Tuesday, April 19, 2016

On the Floor

For two years now I've been stitching and sewing, drawing and fooling around with paint. My goal was to develop a studio practice that was disciplined enough to work when I said I would. I used Karen Ruane's classes as a means to develop the discipline. Keeping up with her videos and the flicker groups helped me to stay honest.

This winter I have had this underlying anxiety "what's going on here" sort of thing. I have produced tons! of stuff and once finished tucked it away. Finally, curiosity drove me to pull out all my bits and pieces to consider.


My best considering method is to have everything on the floor and to walk among it all. Literally. Everything was laid out on the floor higgildy piggildy and I spent the morning looking and considering. I had to consider what I would consider about as well. Eventually, patterns began to emerge. So did some gut reactions. So did some decisions. And so did the conniption pile.


I hadn't planned to make thing that belonged together in a set, but that happened. The larger piece is two pillowcases cut open, reattached and overlayed. The two smaller pieces have the same treatment but are simpler. I have a blue cross-stitched chicken that might need to join this gang.

This pair were a trio at one point, but I was convinced to lay the lace piece over a very colourful piece. A lace veil has joined this pair. I am super unhappy with the blue piece. It works on many levels but technically it is the worst of all. This group will go on a vacation to the bottom of the pile and once it floats to top again, I will decide if I have the interest in redoing the blue or coming up with another response.


I also realized I had an aversion to a few pieces. One set is lovely to look at but leaves me cold. No reaction to them beyond meh. I'm not sure what it is about lovely that bores me silly.


I think they might be too orderly. Yet if the same fabrics, stitching treatments and construction orderliness were on a garment, such as a 1930's evening gown, I would adore it. Maybe there isn't enough romance in a small wall hanging? Maybe I have a lack of imagination, extrapolating out an exquisite gown out of an 18" square? This group went back into the box and I felt not a wrench, nor a pang.

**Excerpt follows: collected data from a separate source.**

Lemma mulmx2E (R : pzSemiRingType) (A : 'M[R]_2) (v : 'cV[R]_2) i :
  (A *m v) i 0 = A i 0 * v 0 0 + A i 1 * v 1 0.
Proof. by rewrite mxE !big_ord_recl big_ord0 addr0 lift0_ord0. Qed.

Lemma mxtrace2 (R : pzSemiRingType) (A : 'M[R]_2) : \tr A = A 0 0 + A 1 1.
Proof. by rewrite /mxtrace !big_ord_recl big_ord0 addr0 lift0_ord0. Qed.

Lemma det_mx22 (R : comPzRingType) (A : 'M[R]_2) :
  \det A = A 0 0 * A 1 1 - A 0 1 * A 1 0.
Proof.
rewrite (expand_det_row _ 0) !big_ord_recl big_ord0 addr0 /cofactor !det_mx11 !mxE.
rewrite lift0_ord0 (_ : lift 1 ord0 = 0); last exact: val_inj.
by rewrite /= expr0 expr1 mul1r mulN1r mulrN.
Qed.

Lemma col2_eq (R : Type) (v w : 'cV[R]_2) : v 0 0 = w 0 0 -> v 1 0 = w 1 0 -> v = w.
Proof.
move=> v0 v1; apply/matrixP => i j; rewrite (ord1 j).
by case: i => [[|[|//]]] ? /=; [move: v0 | move: v1];
  congr (_ = _); congr (_ _ _); apply: val_inj.
Qed.

Lemma eigenvector2_char (R : idomainType) (A : 'M[R]_2) (v : 'cV[R]_2) c :
  v != 0 -> A *m v = c *: v -> c ^+ 2 - \tr A * c + \det A = 0.
Proof.
move=> v_neq0 Av; rewrite mxtrace2 det_mx22.
have row i : A i 0 * v 0 0 + A i 1 * v 1 0 - c * v i 0 = 0.
  by rewrite -mulmx2E Av mxE subrr.
apply/eqP; apply: contraNT v_neq0 => chi_neq0; apply/eqP/col2_eq;
  apply: (mulfI chi_neq0); rewrite mxE mulr0.
- transitivity ((A 1 1 - c) * (A 0 0 * v 0 0 + A 0 1 * v 1 0 - c * v 0 0)
                - A 0 1 * (A 1 0 * v 0 0 + A 1 1 * v 1 0 - c * v 1 0)); first by ring.
  by rewrite !row !mulr0 subrr.
- transitivity ((A 0 0 - c) * (A 1 0 * v 0 0 + A 1 1 * v 1 0 - c * v 1 0)
                - A 1 0 * (A 0 0 * v 0 0 + A 0 1 * v 1 0 - c * v 0 0)); first by ring.
  by rewrite !row !mulr0 subrr.
Qed.

Lemma cramer2_pchar2 (R : comNzRingType) (r0 r1 x0 x1 y0 y1 : R) :
  2 \in [pchar R] ->
  r0 * (x0 * y1 + y0 * x1) = (r0 * x0 + r1 * x1) * y1 + (r0 * y0 + r1 * y1) * x1 /\
  r1 * (x0 * y1 + y0 * x1) = (r0 * x0 + r1 * x1) * y0 + (r0 * y0 + r1 * y1) * x0.
Proof.
move=> pchar2R; split.
- by rewrite -[LHS]addr0 -(addrr_pchar2 pchar2R (r1 * x1 * y1)); ring.
- by rewrite -[LHS]addr0 -(addrr_pchar2 pchar2R (r0 * x0 * y0)); ring.
Qed.

(** * Divisibility in the ring of Laurent polynomials *)

Lemma laurent_tofrac p : laurent (tofrac p).
Proof. by exists p, 0%N; rewrite expr0 divr1. Qed.

Lemma laurent_uX k : laurent (u ^+ k).
Proof. by rewrite -tofracXn; apply: laurent_tofrac. Qed.

Lemma laurent_uN k : laurent (u ^- k).
Proof. by exists 1, k; rewrite tofrac1 mul1r. Qed.

Lemma laurentM x y : laurent x -> laurent y -> laurent (x * y).
Proof.
move=> [p [i ->]] [q [j ->]]; exists (p * q), (i + j)%N.
by rewrite mulf_div tofracM exprD.
Qed.

Lemma laurentD x y : laurent x -> laurent y -> laurent (x + y).
Proof.
move=> [p [i ->]] [q [j ->]]; exists (p * 'X^j + q * 'X^i), (i + j)%N.
by rewrite addf_div ?expf_neq0 ?u_neq0 // tofracD !tofracM !tofracXn exprD.
Qed.

Lemma ldvd_tofrac (p q : {poly F2}) k : p %| q -> ldvd (tofrac p) (tofrac q / u ^+ k).
Proof.
move=> /divpK qE; exists (tofrac (q %/ p) / u ^+ k); split.
  exact: laurentM (laurent_tofrac _) (laurent_uN _).
by rewrite -{1}qE tofracM mulrAC.
Qed.

(* Bezout's identity in F_2[u] transfers to its localization [P] at [u]. *)
Lemma laurent_bezout_divisor x y : laurent x -> laurent y ->
  exists al be, [/\ laurent al, laurent be,
                    ldvd (al * x + be * y) x & ldvd (al * x + be * y) y].
Proof.
move=> [X [i ->]] [Y [j ->]]; have [[A B] /= ABgcd] := Bezoutp X Y.
exists (tofrac A * u ^+ i), (tofrac B * u ^+ j).
have -> : tofrac A * u ^+ i * (tofrac X / u ^+ i) + tofrac B * u ^+ j * (tofrac Y / u ^+ j)
          = tofrac (A * X + B * Y).
  by rewrite tofracD !tofracM -!mulrA !(mulrCA (u ^+ _)) !divff ?expf_neq0 ?u_neq0 // !mulr1.
split; try exact: laurentM (laurent_tofrac _) (laurent_uX _);
  by apply: ldvd_tofrac; rewrite (eqp_dvdl _ ABgcd) ?dvdp_gcdl ?dvdp_gcdr.
Qed.

Definition lcoprime (x y : Frac) : Prop :=
  forall d, laurent d -> ldvd d x -> ldvd d y -> ldvd d 1.

Lemma lcoprime_bezout x y : laurent x -> laurent y -> lcoprime x y ->
  exists al be, [/\ laurent al, laurent be & al * x + be * y = 1].
Proof.
move=> lx ly xy_coprime; have [al [be [lal lbe gx gy]]] := laurent_bezout_divisor lx ly.
have [c [lc oneE]] := xy_coprime _ (laurentD (laurentM lal lx) (laurentM lbe ly)) gx gy.
by exists (c * al), (c * be); split; [exact: laurentM | exact: laurentM | rewrite oneE; ring].
Qed.

Lemma lcoprime_laurent x y c : lcoprime x y -> laurent x -> laurent y ->
  laurent (c * x) -> laurent (c * y) -> laurent c.
Proof.
move=> xy_coprime lx ly lcx lcy; have [al [be [lal lbe E]]] := lcoprime_bezout lx ly xy_coprime.
have -> : c = al * (c * x) + be * (c * y) by rewrite -[LHS]mulr1 -E; ring.
exact: laurentD (laurentM lal lcx) (laurentM lbe lcy).
Qed.

Lemma ldvd_laurent_div g v : g != 0 -> ldvd g v -> laurent (v / g).
Proof. by move=> g_neq0 [c [lc ->]]; rewrite mulfK. Qed.

Lemma is_lgcd_neq0 g v w : v != 0 -> is_lgcd g v w -> g != 0.
Proof. by move=> v_neq0 [_ [[c [_ vE]] _]]; apply: contraNneq v_neq0 => g0; rewrite vE g0 mulr0. Qed.

Lemma is_lgcd_lcoprime g v w : g != 0 -> is_lgcd g v w -> lcoprime (v / g) (w / g).
Proof.
move=> g_neq0 [lg [_ [_ gmax]]] d ld [c1 [lc1 vE]] [c2 [lc2 wE]].
have [e [le gE]] : ldvd (d * g) g.
  apply: gmax; first exact: laurentM.
  - by exists c1; split; rewrite // mulrA -vE divfK.
  - by exists c2; split; rewrite // mulrA -wE divfK.
by exists e; split => //; apply: (mulIf g_neq0); rewrite mul1r -mulrA -gE.
Qed.

Lemma lmultiple_of_proportional (v w g : Frac) (eta : 'cV[Frac]_2) :
  v != 0 -> is_lgcd g v w -> phase eta -> eta 0 0 * v = w * eta 1 0 ->
  lmultiple eta (vec2 (w / g) (v / g)).
Proof.
move=> v_neq0 gcd_g eta_phase prop; have g_neq0 := is_lgcd_neq0 v_neq0 gcd_g.
have [_ [gv [gw _]]] := gcd_g.
have vg_neq0 : v / g != 0 := mulf_neq0 v_neq0 (invr_neq0 g_neq0).
pose c := eta 1 0 / (v / g).
have cv : c * (v / g) = eta 1 0 by rewrite divfK.
have cw : c * (w / g) = eta 0 0.
  by apply: (mulIf v_neq0); rewrite prop -cv; ring.
have lcv : laurent (c * (v / g)) by rewrite cv; apply: eta_phase.
have lcw : laurent (c * (w / g)) by rewrite cw; apply: eta_phase.
exists c; split.
  exact: lcoprime_laurent (is_lgcd_lcoprime g_neq0 gcd_g)
    (ldvd_laurent_div g_neq0 gv) (ldvd_laurent_div g_neq0 gw) lcv lcw.
by apply: col2_eq; rewrite !mxE /= ?cw ?cv.
Qed.

(** * Eigenvectors of a CSCA *)

Lemma eigenpair_entries (a : 'M[Frac]_2) (xi eta : 'cV[Frac]_2) l m :
  a *m xi = l *: xi -> a *m eta = m *: eta ->
  [/\ a 0 0 * wedge xi eta = l * xplus xi * xminus eta + m * xplus eta * xminus xi,
      a 0 1 * wedge xi eta = (l + m) * xplus xi * xplus eta,
      a 1 0 * wedge xi eta = (l + m) * xminus xi * xminus eta &
      a 1 1 * wedge xi eta = m * xplus xi * xminus eta + l * xplus eta * xminus xi].
Proof.
move=> Axi Aeta.
have rows i : a i 0 * xi 0 0 + a i 1 * xi 1 0 = l * xi i 0 /\
              a i 0 * eta 0 0 + a i 1 * eta 1 0 = m * eta i 0.
  by rewrite -!mulmx2E Axi Aeta !mxE.
have [[x0 y0] [x1 y1]] := (rows 0, rows 1).
have [c00 c01] := cramer2_pchar2 (a 0 0) (a 0 1) (xi 0 0) (xi 1 0) (eta 0 0) (eta 1 0) pchar2_Frac.
have [c10 c11] := cramer2_pchar2 (a 1 0) (a 1 1) (xi 0 0) (xi 1 0) (eta 0 0) (eta 1 0) pchar2_Frac.
rewrite /wedge /xplus /xminus c00 c01 c10 c11 x0 y0 x1 y1.
by split; ring.
Qed.

Lemma eigenpair_trace (a : 'M[Frac]_2) (xi eta : 'cV[Frac]_2) l m :
  a *m xi = l *: xi -> a *m eta = m *: eta -> wedge xi eta != 0 -> \tr a = l + m.
Proof.
move=> Axi Aeta w_neq0; have [e00 _ _ e11] := eigenpair_entries Axi Aeta.
by apply: (mulIf w_neq0); rewrite mxtrace2 mulrDl e00 e11 /wedge; ring.
Qed.

Lemma palindromic_eigen_bar (a : 'M[Frac]_2) (xi : 'cV[Frac]_2) l :
  (forall i j, palindrome (a i j)) -> a *m xi = l *: xi ->
  a *m barv xi = bar l *: barv xi.
Proof.
move=> pal Axi; have -> : a = map_mx bar a by apply/matrixP => i j; rewrite mxE (pal i j).2.
by rewrite -map_mxM Axi map_mxZ.
Qed.

Lemma eigen_lmultiple (a : 'M[Frac]_2) (eta : 'cV[Frac]_2) l g :
  phase eta -> a *m eta = l *: eta -> a 0 0 != l ->
  is_lgcd g (l + a 0 0) (a 0 1) ->
  lmultiple eta (vec2 (a 0 1 / g) ((l + a 0 0) / g)).
Proof.
move=> eta_phase Aeta a00_neq_l gcd_g; apply: (lmultiple_of_proportional _ gcd_g eta_phase).
  by rewrite addr_eq0 (oppr_pchar2 pchar2_Frac) eq_sym.
have row0 : a 0 0 * eta 0 0 + a 0 1 * eta 1 0 = l * eta 0 0 by rewrite -mulmx2E Aeta mxE.
by rewrite mulrDr ![eta 0 0 * _]mulrC -row0 addrAC (addrr_pchar2 pchar2_Frac) add0r mulrC.
Qed.

Lemma palindrome_neq_uXN x n : palindrome x -> (0 < n)%N -> x != u ^+ n /\ x != u ^- n.
Proof.
move=> [_ bar_x] n_gt0; split; apply: contraNneq (uX_neq_uN n_gt0) => xE.
- by rewrite -bar_uX -xE bar_x.
- by rewrite -xE -[u ^+ n]bar_uN -xE bar_x.
Qed.

Lemma wedge_barv_neq0 (a : 'M[Frac]_2) (xi : 'cV[Frac]_2) n : (0 < n)%N -> xi != 0 ->
  a *m xi = u ^+ n *: xi -> a *m barv xi = u ^- n *: barv xi -> wedge xi (barv xi) != 0.
Proof.
move=> n_gt0 xi_neq0 Axi Abxi; apply: contra xi_neq0 => /eqP w0.
have [_ e01 e10 _] := eigenpair_entries Axi Abxi.
have sum_neq0 : u ^+ n + u ^- n != 0.
  by rewrite addr_eq0 (oppr_pchar2 pchar2_Frac) uX_neq_uN.
have entry_eq0 x : 0 = (u ^+ n + u ^- n) * x * bar x -> x = 0.
  by move/esym/eqP; rewrite -mulrA mulf_eq0 (negPf sum_neq0) mulf_eq0 bar_eq0 orbb => /eqP.
rewrite w0 !mulr0 /xplus /xminus !mxE in e01 e10.
by apply/eqP/col2_eq; rewrite mxE; [exact: entry_eq0 e01 | exact: entry_eq0 e10].
Qed.

Lemma eigenvalue_uXN (a : 'M[Frac]_2) (eta : 'cV[Frac]_2) n c :
  \det a = 1 -> \tr a = u ^- n + u ^+ n -> eta != 0 -> a *m eta = c *: eta ->
  c = u ^+ n \/ c = u ^- n.
Proof.
move=> det1 tra eta_neq0 Aeta; have := eigenvector2_char eta_neq0 Aeta.
rewrite det1 tra -(divff (expf_neq0 n u_neq0)).
have -> : c ^+ 2 - (u ^- n + u ^+ n) * c + u ^+ n / u ^+ n = (c - u ^+ n) * (c - u ^- n).
  by ring.
by move/eqP; rewrite mulf_eq0 !subr_eq0 => /orP[/eqP|/eqP]; [left|right].
Qed.

Theorem mainTheorem1 (a : 'M[Frac]_2) (xi : 'cV[Frac]_2) (n : nat) :
  CSCA a -> phase xi -> xi != 0 -> (0 < n)%N ->
  a *m xi = u ^+ n *: xi ->
  let xp := xplus xi in let xm := xminus xi in
  let bp := bar (xplus xi) in let bm := bar (xminus xi) in
  let w := wedge xi (barv xi) in
  (* (1) *)
  a *m barv xi = u ^- n *: barv xi /\
  (* (2) *)
  w != 0 /\
  a 0 0 = (u ^+ n * xp * bm + u ^- n * bp * xm) / w /\
  a 0 1 = (u ^+ n + u ^- n) * xp * bp / w /\
  a 1 0 = (u ^+ n + u ^- n) * xm * bm / w /\
  a 1 1 = (u ^- n * xp * bm + u ^+ n * bp * xm) / w /\
  (* (3) *)
  \tr a = u ^- n + u ^+ n /\
  (* (4) *)
  (forall g1 g2 : Frac,
     is_lgcd g1 (u ^+ n + a 0 0) (a 0 1) ->
     is_lgcd g2 (u ^- n + a 0 0) (a 0 1) ->
     forall eta, glider a eta ->
       lmultiple eta (vec2 (a 0 1 / g1) ((u ^+ n + a 0 0) / g1)) \/
       lmultiple eta (vec2 (a 0 1 / g2) ((u ^- n + a 0 0) / g2))).
Proof.
move=> [pal det1] _ xi_neq0 n_gt0 Axi xp xm bp bm w.
have Abxi : a *m barv xi = u ^- n *: barv xi.
  by rewrite (palindromic_eigen_bar pal Axi) bar_uX.
have w_neq0 : w != 0 := wedge_barv_neq0 n_gt0 xi_neq0 Axi Abxi.
have [e00 e01 e10 e11] := eigenpair_entries Axi Abxi.
rewrite /xplus /xminus !mxE in e00 e01 e10 e11.
have tra : \tr a = u ^- n + u ^+ n by rewrite (eigenpair_trace Axi Abxi w_neq0) addrC.
have divw x y : x * w = y -> x = y / w by move=> <-; rewrite mulfK.
split; first exact: Abxi.
split; first exact: w_neq0.
split; first exact: divw e00.
split; first exact: divw e01.
split; first exact: divw e10.
split; first exact: divw e11.
split; first exact: tra.
move=> g1 g2 gcd1 gcd2 eta [eta_phase [eta_neq0 [k Aeta]]].
have [a00_neq_uX a00_neq_uN] := palindrome_neq_uXN (pal 0 0) n_gt0.
have [uk_uX|uk_uN] := eigenvalue_uXN det1 tra eta_neq0 Aeta; rewrite ?uk_uX ?uk_uN in Aeta.
- by left; apply: eigen_lmultiple gcd1.
- by right; apply: eigen_lmultiple gcd2.
Qed.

The conniption pile eventually gave way to two piles. Those that I loved enough to continue working with and those that no longer interested me. The pile that no longer interested me was comprised of items that I had begun because the rhetoric is that an artist works in themes or sets or series. I like a series of three but only if it really makes a good unit. If I have to really squeeze my brain to figure out three treatments or find enough materials to make a set, then I'm working from my head instead of my heart. Head out...heart in.


The conniption pile that stays is comprised of work that still has intrigue for me. This small pile turns out to be a pile of pieces that are singles.

 

They don't have partners or groups. They work against the bulk of my work as 'punctuation marks.' Steve came up with that idea. If a piece stands on its own then that can be enough. A set of Ones.


The final group is the Squish group. I started this several summers ago, when I took a rolling pin and squished different flower petals between fabric and some colour came out.


I have since stitched on one of those pieces and love it. Right now I have a set using forsythia, a blue flower and grass and another set using hydrangea petals and rosehips. I am looking forward to a summer of more opportunistic squishing, then a winter of stitching.My short term goal is to photograph the good stuff and pull a small portfolio together. Power-up the lights.